The effects of tobacco smoke exposure on lung function in children are dependent on the source, timing and dose of exposure and may be modified by the sex of the child and the child’s asthma status. There is evidence that both passive exposure at different developmental stages and active smoking during adolescence have detrimental effects on pulmonary function in cross-sectional studies and on the rate of growth of pulmonary function in longitudinal analyses.

In their series of systematic quantitative reviews of the effects of tobacco smoke exposure, Cook and Strachan analysed 22 cross-sectional studies and concluded that ETS exposure, particularly from the mother, was associated with small decrements in forced expiratory volume in 1 s (FEV1) and mid-expiratory flow rates in school-aged children.35 The findings of subsequent studies have been consistent with this conclusion. A large, international study of 6–12-year-old children reported measurable effects of current ETS exposure on both FEV1 and Maximal midexpiratory flow (MMEF), although the effect sizes were even greater for prenatal exposure.

Other studies of the relative contributions of prenatal and postnatal exposure to pulmonary function outcomes in children have also provided support for a stronger effect of maternal smoking in pregnancy than subsequent or current smoking when lung function was assessed in school-aged children.36,37 Decreased lung function growth during adolescence has been reported in association with both early exposure to maternal smoking in the first 5 years of life and current maternal smoking, although the effect was attenuated in older children (11–18 years) compared with a younger age group (6–10 years).38 These data suggest that
the effects of maternal smoking during pregnancy on pulmonary function shortly after birth16 track through to later childhood but that there is a small additional, independent effect of postnatal ETS exposure.
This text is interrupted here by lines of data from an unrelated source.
(* For any $h\in BV([0,1];\mathbb R^d)$ and $g\in D([0,1];\mathbb R^d)$, $$\int_0^1|g(s)-h(s)|ds\le 2d(\operatorname{Var}(h)-|h(0)|+1)\rho_2(g,h)+\pi d\,\rho_2^2(g,h)$$ and $$\int_0^1|g(s)-h(s)|ds\le 2d(\operatorname{Var}(h)+1)\rho_2'(g,h)+\pi d\,(\rho_2')^2(g,h).$$
   Context: $D([0,1];\mathbb R^d)$ is the set of càdlàg functions $[0,1]\to\mathbb R^d$; $|\cdot|$ is the Euclidean norm. For $h\in D$ and finite $\mathbf t\subset(0,1]$, $h^{\mathbf t}$ is the continuous function linear between consecutive points of $\mathbf t\cup\{0,1\}$ with $h^{\mathbf t}(0)=0$, $h^{\mathbf t}(s)=h(s)$ for $s\in\mathbf t\cup\{1\}$; $\operatorname{Var}(h):=\sup_{\mathbf t}\int_0^1|(h^{\mathbf t})'|ds$ over finite $\mathbf t\subset(0,1]$, and $BV=\{h\in D:\operatorname{Var}(h)<\infty\}$. Completed graph: $\Gamma h:=\{(t,x)\in[0,1]\times\mathbb R^d: x\in[h(t-),h(t)]\}$ with the convention $h(0-):=h(0)$ ($[a,b]$ the line segment); modified completed graph $\Gamma'h$: the same but with the convention $h(0-):=0$ (so $\Gamma'h=\Gamma h\cup(\{0\}\times[0,h(0)])$). $\rho_2(g,h)$ is the Hausdorff distance between $\Gamma g$ and $\Gamma h$ in $\mathbb R^{d+1}$, and $\rho_2'(g,h)$ is the Hausdorff distance between $\Gamma'g$ and $\Gamma'h$. *)

From mathcomp Require Import all_boot all_order all_algebra.
From mathcomp Require Import all_classical all_reals all_analysis.
Set Implicit Arguments. Unset Strict Implicit. Unset Printing Implicit Defensive.
Import Order.TTheory GRing.Theory Num.Theory.
Import numFieldNormedType.Exports.
Local Open Scope classical_set_scope.
Local Open Scope ring_scope.

Section Defs.
Variables (R : realType) (d : nat).

Definition eucl (v : 'rV[R]_d) : R := Num.sqrt (\sum_(i < d) v ord0 i ^+ 2).

Definition dist1 (p q : R * 'rV[R]_d) : R :=
  Num.sqrt ((p.1 - q.1) ^+ 2 + \sum_(i < d) (p.2 ord0 i - q.2 ord0 i) ^+ 2).

Definition cadlag (h : R -> 'rV[R]_d) : Prop :=
  (forall t, 0 <= t < 1 -> h x @[x --> t^'+] --> h t) /\
  (forall t, 0 < t <= 1 -> cvg (h x @[x --> t^'-])).

Definition leftlim (h : R -> 'rV[R]_d) (t : R) : 'rV[R]_d :=
  if t == 0 then h 0 else lim (h x @[x --> t^'-]).

Definition leftlim' (h : R -> 'rV[R]_d) (t : R) : 'rV[R]_d :=
  if t == 0 then 0 else lim (h x @[x --> t^'-]).

Definition segment (a b : 'rV[R]_d) : set 'rV[R]_d :=
  [set a + l *: (b - a) | l in `[0, 1]%classic].

Definition cgraph_with (hm : R -> 'rV[R]_d) (h : R -> 'rV[R]_d)
  : set (R * 'rV[R]_d) :=
  [set p | 0 <= p.1 <= 1 /\ segment (hm p.1) (h p.1) p.2].

Definition cgraph (h : R -> 'rV[R]_d) := cgraph_with (leftlim h) h.
Definition cgraph' (h : R -> 'rV[R]_d) := cgraph_with (leftlim' h) h.

Definition hausdorff (A B : set (R * 'rV[R]_d)) : \bar R :=
  maxe (ereal_sup [set ereal_inf [set (dist1 p q)%:E | q in B] | p in A])
       (ereal_sup [set ereal_inf [set (dist1 p q)%:E | p in A] | q in B]).

Definition rho2 (g h : R -> 'rV[R]_d) : \bar R := hausdorff (cgraph g) (cgraph h).
Definition rho2' (g h : R -> 'rV[R]_d) : \bar R := hausdorff (cgraph' g) (cgraph' h).

(* For a finite t ⊂ (0,1], listed increasingly as s, ∫_0^1 |(h^t)'| equals the
   length of the polygon 0 -> h(t_1) -> ... -> h(t_k) -> h(1). *)
Definition poly_length (h : R -> 'rV[R]_d) (s : seq R) : R :=
  \sum_(x <- pairmap (fun a b => eucl (b - a)) 0 [seq h u | u <- rcons s 1]) x.

Definition admissible_pts (s : seq R) : Prop :=
  sorted <%R s /\ all (fun u => (0 < u) && (u <= 1)) s.

Definition Var (h : R -> 'rV[R]_d) : \bar R :=
  ereal_sup [set (poly_length h s)%:E | s in admissible_pts].

Definition BV (h : R -> 'rV[R]_d) : Prop := cadlag h /\ (Var h < +oo)%E.

End Defs.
Interactions between ETS exposure and asthma have been suggested by an analysis of the NHANES III data, in which the presence of two or more smokers in the home was an independent risk factor for reduced mid-expiratory flow rates in asthmatic girls, although small effects were observed in children without asthma who were exposed to smoke.39 Gilliland and colleagues had previously reported an interaction between asthma and in utero tobacco smoke exposure on children’s lung function, suggesting that there might be synergy between the toxic effects of tobacco smoke on the developing airway and airway inflammation associated with asthma.

The majority of studies that have reported pulmonary function outcomes in children in relation to ETS exposure suggest that there is a greater effect on mid-expiratory flow rates, reflecting the function of the smaller airways, than on FEV1. There is also a suggestion of differential effects of exposure on lung and airway development in boys and girls.41 In addition, although the measured effect sizes have tended to be small, they remain important for a number of reasons: small decrements in lung function growth will affect maximally attained pulmonary function in adulthood 42 and may therefore contribute to the burden of chronic obstructive airways disease43,44; passive exposure to ETS is highly prevalent, resulting in large population attributable risks5; and there are likely to be additive or multiplicative effects of active smoking on a background of cumulative passive exposure through childhood. Smoking during adolescence has been associated with dose-dependent reductions of both FEV1 and mid-expiratory flow, and children who smoke before the age of 16 years are more likely to develop bronchitis and emphysema than those smokers who start later, possibly due to greater cumulative lifetime exposure.